§ Problem details: Set down all of the records word for word.

§ Dataset excerpts:
Lemma f_half_uphalf n : f n = n./2 * uphalf n.
Proof.
rewrite /f uphalf_half; have := odd_double_half n.
case: (odd n) => /= <-; rewrite -mul2n -mulnn.
- by rewrite (_ : _ - 1 = n./2 * (1 + n./2) * 4) ?mulnK //; nia.
- by rewrite (_ : _ * _ = n./2 * n./2 * 4) ?mulnK //; nia.
Qed.

Lemma four_mul_add_sqr_diff a b :
  4 * (a * b) + (a - b) * (a - b) + (b - a) * (b - a) = (a + b) * (a + b).
Proof. nia. Qed.

Lemma mul_le_f a b n : a + b <= n -> a * b <= f n.
Proof.
rewrite f_half_uphalf uphalf_half => le_ab_n.
have := odd_double_half n; have := four_mul_add_sqr_diff a b.
have : (a + b) * (a + b) <= n * n by apply: leq_mul.
by case: (odd n) => /=; nia.
Qed.

Lemma mul_eq_f a b n : a + b = n -> a <= b + 1 -> b <= a + 1 -> a * b = f n.
Proof.
rewrite f_half_uphalf uphalf_half; have := odd_double_half n.
by case: (odd n) => /=; nia.
Qed.

(* For n = 1, a = b = 0 violates the conclusion. *)
Lemma f_le_mul a b n : 2 <= n -> a + b <= n -> f n <= a * b ->
  [/\ a + b = n, a <= b + 1 & b <= a + 1].
Proof.
rewrite f_half_uphalf uphalf_half => n_ge2 le_ab_n le_f_ab.
have := odd_double_half n; have := four_mul_add_sqr_diff a b => sqr_ab n_half.
have eq_ab_n : a + b = n.
  apply/eqP; rewrite eqn_leq le_ab_n leqNgt; apply/negP => lt_ab_n.
  have : (a + b) * (a + b) <= (n - 1) * (n - 1) by apply: leq_mul; lia.
  by case: (odd n) n_half => /=; nia.
by split=> //; case: (odd n) n_half => /=; nia.
Qed.

Lemma connect_rank_le (T : finType) (e : rel T) (r : T -> nat) :
  (forall x y, e x y -> r x < r y) -> forall x y, connect e x y -> r x <= r y.
Proof.
move=> r_lt x y /connectP [s path_s ->]; elim: s x path_s => //= z s IHs x.
by case/andP=> /r_lt/ltnW le_rxz /IHs; apply: leq_trans.
Qed.

Lemma acyclic_source (T : finType) (D : rel T) (x0 : T) :
  acyclic D -> exists p, forall z, ~~ D z p.
Proof.
move=> acyclicD; pose ancestors x := [set y | connect D y x].
have [p _ min_p] := @arg_minnP _ x0 predT (fun x => #|ancestors x|) isT.
exists p => z; apply/negP => Dzp; have := min_p z isT; apply/negP; rewrite -ltnNge.
apply/proper_card/properP; split.
  by apply/subsetP => y; rewrite !inE => /connect_trans; apply; apply: connect1.
by exists p; rewrite !inE ?connect0 ?(negbTE (acyclicD _ _ Dzp)).
Qed.

Lemma arc_neq (T : finType) (D : rel T) x y : strict_digraph D -> D x y -> x != y.
Proof. by move=> strictD; apply: contraTneq => ->; apply: strictD. Qed.

Lemma arc_inside_dec (T : finType) (D : rel T) (A : {set T}) :
  (exists u v, [/\ D u v, u \in A & v \in A]) \/ {in A &, forall x y, D x y = false}.
Proof.
have [/existsP [u /existsP [v /and3P arc_uv]]|no_arc] :=
  boolP [exists u, exists v, [&& D u v, u \in A & v \in A]]; first by left; exists u, v.
right=> x y xA yA; apply/negP => Dxy; case/negP: no_arc.
by apply/existsP; exists x; apply/existsP; exists y; rewrite Dxy xA yA.
Qed.

Section LineGraph.

Variables (T : finType) (D : rel T).
Local Notation E := (line_adj D).

Lemma line_adj_sym : symmetric E.
Proof. by move=> a b; rewrite /line_adj eq_sym orbC. Qed.

Let connect_symE : connect_sym E := sym_connect_sym line_adj_sym.

Definition comp_roots : {set Defs.arc D} := [set r | roots E r].

Lemma num_components_roots : num_components D = #|comp_roots|.
Proof. by apply: eq_card => r; rewrite !inE andbT. Qed.

Lemma comp_roots_connect r1 r2 :
  r1 \in comp_roots -> r2 \in comp_roots -> connect E r1 r2 -> r1 = r2.
Proof.
rewrite !inE => /eqP root_r1 /eqP root_r2.
by rewrite -(root_connect connect_symE) root_r1 root_r2 => /eqP.
Qed.

Lemma comp_roots_common_neighbour e r1 r2 :
  r1 \in comp_roots -> r2 \in comp_roots -> E e r1 -> E e r2 -> r1 = r2.
Proof.
move=> root_r1 root_r2 e_r1 e_r2; apply: comp_roots_connect => //.
by apply: (connect_trans (connect1 _) (connect1 e_r2)); rewrite line_adj_sym.
Qed.

Lemma isolated_arc_connect a b : (forall c, ~~ E a c) -> connect E a b -> b = a.
Proof.
move=> isolated_a /connectP [[|c s] /= path_s ->] //.
by move: path_s; rewrite (negbTE (isolated_a c)).
Qed.

Lemma isolated_arc_root a : (forall c, ~~ E a c) -> a \in comp_roots.
Proof.
by move=> isolated_a; rewrite inE; apply/eqP/(isolated_arc_connect isolated_a)/connect_root.
Qed.

Lemma num_components_no_line_adj : (forall a b, ~~ E a b) -> num_components D = #|Defs.arc D|.
Proof.
move=> no_adj; rewrite num_components_roots; apply: eq_card => a.
by rewrite isolated_arc_root.
Qed.

Lemma num_components_ge2_isolated a b :
  (forall c, ~~ E a c) -> b != a -> 1 < num_components D.
Proof.
move=> isolated_a neq_ba; rewrite num_components_roots.
have neq_root_b : root E b != a.
  apply: contra neq_ba => /eqP root_b; apply/eqP/(isolated_arc_connect isolated_a).
  by rewrite connect_symE -root_b connect_root.
have <- : #|[set a; root E b]| = 2 by rewrite cards2 eq_sym neq_root_b.
apply/subset_leq_card/subsetP => c /set2P [] ->; first exact: isolated_arc_root.
by rewrite inE roots_root.
Qed.

Definition root_tails : {set T} := [set (val r).1 | r in comp_roots].
Definition root_heads : {set T} := [set (val r).2 | r in comp_roots].

Lemma comp_roots_sub_tails_heads : val @: comp_roots \subset setX root_tails root_heads.
Proof.
apply/subsetP => _ /imsetP [r root_r ->]; rewrite [val r]surjective_pairing in_setX.
by apply/andP; split; apply/imsetP; exists r.
Qed.

Lemma card_comp_roots_val : #|val @: comp_roots| = #|comp_roots|.
Proof. by rewrite card_imset //; apply: val_inj. Qed.

Lemma num_components_le_tails_heads :
  num_components D <= #|root_tails| * #|root_heads|.
Proof.
rewrite num_components_roots -card_comp_roots_val -cardsX.
exact: subset_leq_card comp_roots_sub_tails_heads.
Qed.

Hypothesis strictD : strict_digraph D.

Lemma comp_roots_head_tail r1 r2 :
  r1 \in comp_roots -> r2 \in comp_roots -> (val r1).2 != (val r2).1.
Proof.
move=> root_r1 root_r2; have [<-|neq_r12] := eqVneq r1 r2.
  by apply/eqP => head_tail; have := valP r1; rewrite /= head_tail (negbTE (strictD _)).
apply/eqP => head_tail; have /(comp_roots_connect root_r1 root_r2) : connect E r1 r2.
  by apply: connect1; rewrite /line_adj neq_r12 head_tail eqxx.
by move/eqP; rewrite (negbTE neq_r12).
Qed.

§ Finished exercise:
Lemma f_half_uphalf n : f n = n./2 * uphalf n.
Proof.
rewrite /f uphalf_half; have := odd_double_half n.
case: (odd n) => /= <-; rewrite -mul2n -mulnn.
- by rewrite (_ : _ - 1 = n./2 * (1 + n./2) * 4) ?mulnK //; nia.
- by rewrite (_ : _ * _ = n./2 * n./2 * 4) ?mulnK //; nia.
Qed.

Lemma four_mul_add_sqr_diff a b :
  4 * (a * b) + (a - b) * (a - b) + (b - a) * (b - a) = (a + b) * (a + b).
Proof. nia. Qed.

Lemma mul_le_f a b n : a + b <= n -> a * b <= f n.
Proof.
rewrite f_half_uphalf uphalf_half => le_ab_n.
have := odd_double_half n; have := four_mul_add_sqr_diff a b.
have : (a + b) * (a + b) <= n * n by apply: leq_mul.
by case: (odd n) => /=; nia.
Qed.

Lemma mul_eq_f a b n : a + b = n -> a <= b + 1 -> b <= a + 1 -> a * b = f n.
Proof.
rewrite f_half_uphalf uphalf_half; have := odd_double_half n.
by case: (odd n) => /=; nia.
Qed.

(* For n = 1, a = b = 0 violates the conclusion. *)
Lemma f_le_mul a b n : 2 <= n -> a + b <= n -> f n <= a * b ->
  [/\ a + b = n, a <= b + 1 & b <= a + 1].
Proof.
rewrite f_half_uphalf uphalf_half => n_ge2 le_ab_n le_f_ab.
have := odd_double_half n; have := four_mul_add_sqr_diff a b => sqr_ab n_half.
have eq_ab_n : a + b = n.
  apply/eqP; rewrite eqn_leq le_ab_n leqNgt; apply/negP => lt_ab_n.
  have : (a + b) * (a + b) <= (n - 1) * (n - 1) by apply: leq_mul; lia.
  by case: (odd n) n_half => /=; nia.
by split=> //; case: (odd n) n_half => /=; nia.
Qed.

Lemma connect_rank_le (T : finType) (e : rel T) (r : T -> nat) :
  (forall x y, e x y -> r x < r y) -> forall x y, connect e x y -> r x <= r y.
Proof.
move=> r_lt x y /connectP [s path_s ->]; elim: s x path_s => //= z s IHs x.
by case/andP=> /r_lt/ltnW le_rxz /IHs; apply: leq_trans.
Qed.

Lemma acyclic_source (T : finType) (D : rel T) (x0 : T) :
  acyclic D -> exists p, forall z, ~~ D z p.
Proof.
move=> acyclicD; pose ancestors x := [set y | connect D y x].
have [p _ min_p] := @arg_minnP _ x0 predT (fun x => #|ancestors x|) isT.
exists p => z; apply/negP => Dzp; have := min_p z isT; apply/negP; rewrite -ltnNge.
apply/proper_card/properP; split.
  by apply/subsetP => y; rewrite !inE => /connect_trans; apply; apply: connect1.
by exists p; rewrite !inE ?connect0 ?(negbTE (acyclicD _ _ Dzp)).
Qed.

Lemma arc_neq (T : finType) (D : rel T) x y : strict_digraph D -> D x y -> x != y.
Proof. by move=> strictD; apply: contraTneq => ->; apply: strictD. Qed.

Lemma arc_inside_dec (T : finType) (D : rel T) (A : {set T}) :
  (exists u v, [/\ D u v, u \in A & v \in A]) \/ {in A &, forall x y, D x y = false}.
Proof.
have [/existsP [u /existsP [v /and3P arc_uv]]|no_arc] :=
  boolP [exists u, exists v, [&& D u v, u \in A & v \in A]]; first by left; exists u, v.
right=> x y xA yA; apply/negP => Dxy; case/negP: no_arc.
by apply/existsP; exists x; apply/existsP; exists y; rewrite Dxy xA yA.
Qed.

Section LineGraph.

Variables (T : finType) (D : rel T).
Local Notation E := (line_adj D).

Lemma line_adj_sym : symmetric E.
Proof. by move=> a b; rewrite /line_adj eq_sym orbC. Qed.

Let connect_symE : connect_sym E := sym_connect_sym line_adj_sym.

Definition comp_roots : {set Defs.arc D} := [set r | roots E r].

Lemma num_components_roots : num_components D = #|comp_roots|.
Proof. by apply: eq_card => r; rewrite !inE andbT. Qed.

Lemma comp_roots_connect r1 r2 :
  r1 \in comp_roots -> r2 \in comp_roots -> connect E r1 r2 -> r1 = r2.
Proof.
rewrite !inE => /eqP root_r1 /eqP root_r2.
by rewrite -(root_connect connect_symE) root_r1 root_r2 => /eqP.
Qed.

Lemma comp_roots_common_neighbour e r1 r2 :
  r1 \in comp_roots -> r2 \in comp_roots -> E e r1 -> E e r2 -> r1 = r2.
Proof.
move=> root_r1 root_r2 e_r1 e_r2; apply: comp_roots_connect => //.
by apply: (connect_trans (connect1 _) (connect1 e_r2)); rewrite line_adj_sym.
Qed.

Lemma isolated_arc_connect a b : (forall c, ~~ E a c) -> connect E a b -> b = a.
Proof.
move=> isolated_a /connectP [[|c s] /= path_s ->] //.
by move: path_s; rewrite (negbTE (isolated_a c)).
Qed.

Lemma isolated_arc_root a : (forall c, ~~ E a c) -> a \in comp_roots.
Proof.
by move=> isolated_a; rewrite inE; apply/eqP/(isolated_arc_connect isolated_a)/connect_root.
Qed.

Lemma num_components_no_line_adj : (forall a b, ~~ E a b) -> num_components D = #|Defs.arc D|.
Proof.
move=> no_adj; rewrite num_components_roots; apply: eq_card => a.
by rewrite isolated_arc_root.
Qed.

Lemma num_components_ge2_isolated a b :
  (forall c, ~~ E a c) -> b != a -> 1 < num_components D.
Proof.
move=> isolated_a neq_ba; rewrite num_components_roots.
have neq_root_b : root E b != a.
  apply: contra neq_ba => /eqP root_b; apply/eqP/(isolated_arc_connect isolated_a).
  by rewrite connect_symE -root_b connect_root.
have <- : #|[set a; root E b]| = 2 by rewrite cards2 eq_sym neq_root_b.
apply/subset_leq_card/subsetP => c /set2P [] ->; first exact: isolated_arc_root.
by rewrite inE roots_root.
Qed.

Definition root_tails : {set T} := [set (val r).1 | r in comp_roots].
Definition root_heads : {set T} := [set (val r).2 | r in comp_roots].

Lemma comp_roots_sub_tails_heads : val @: comp_roots \subset setX root_tails root_heads.
Proof.
apply/subsetP => _ /imsetP [r root_r ->]; rewrite [val r]surjective_pairing in_setX.
by apply/andP; split; apply/imsetP; exists r.
Qed.

Lemma card_comp_roots_val : #|val @: comp_roots| = #|comp_roots|.
Proof. by rewrite card_imset //; apply: val_inj. Qed.

Lemma num_components_le_tails_heads :
  num_components D <= #|root_tails| * #|root_heads|.
Proof.
rewrite num_components_roots -card_comp_roots_val -cardsX.
exact: subset_leq_card comp_roots_sub_tails_heads.
Qed.

Hypothesis strictD : strict_digraph D.

Lemma comp_roots_head_tail r1 r2 :
  r1 \in comp_roots -> r2 \in comp_roots -> (val r1).2 != (val r2).1.
Proof.
move=> root_r1 root_r2; have [<-|neq_r12] := eqVneq r1 r2.
  by apply/eqP => head_tail; have := valP r1; rewrite /= head_tail (negbTE (strictD _)).
apply/eqP => head_tail; have /(comp_roots_connect root_r1 root_r2) : connect E r1 r2.
  by apply: connect1; rewrite /line_adj neq_r12 head_tail eqxx.
by move/eqP; rewrite (negbTE neq_r12).
Qed.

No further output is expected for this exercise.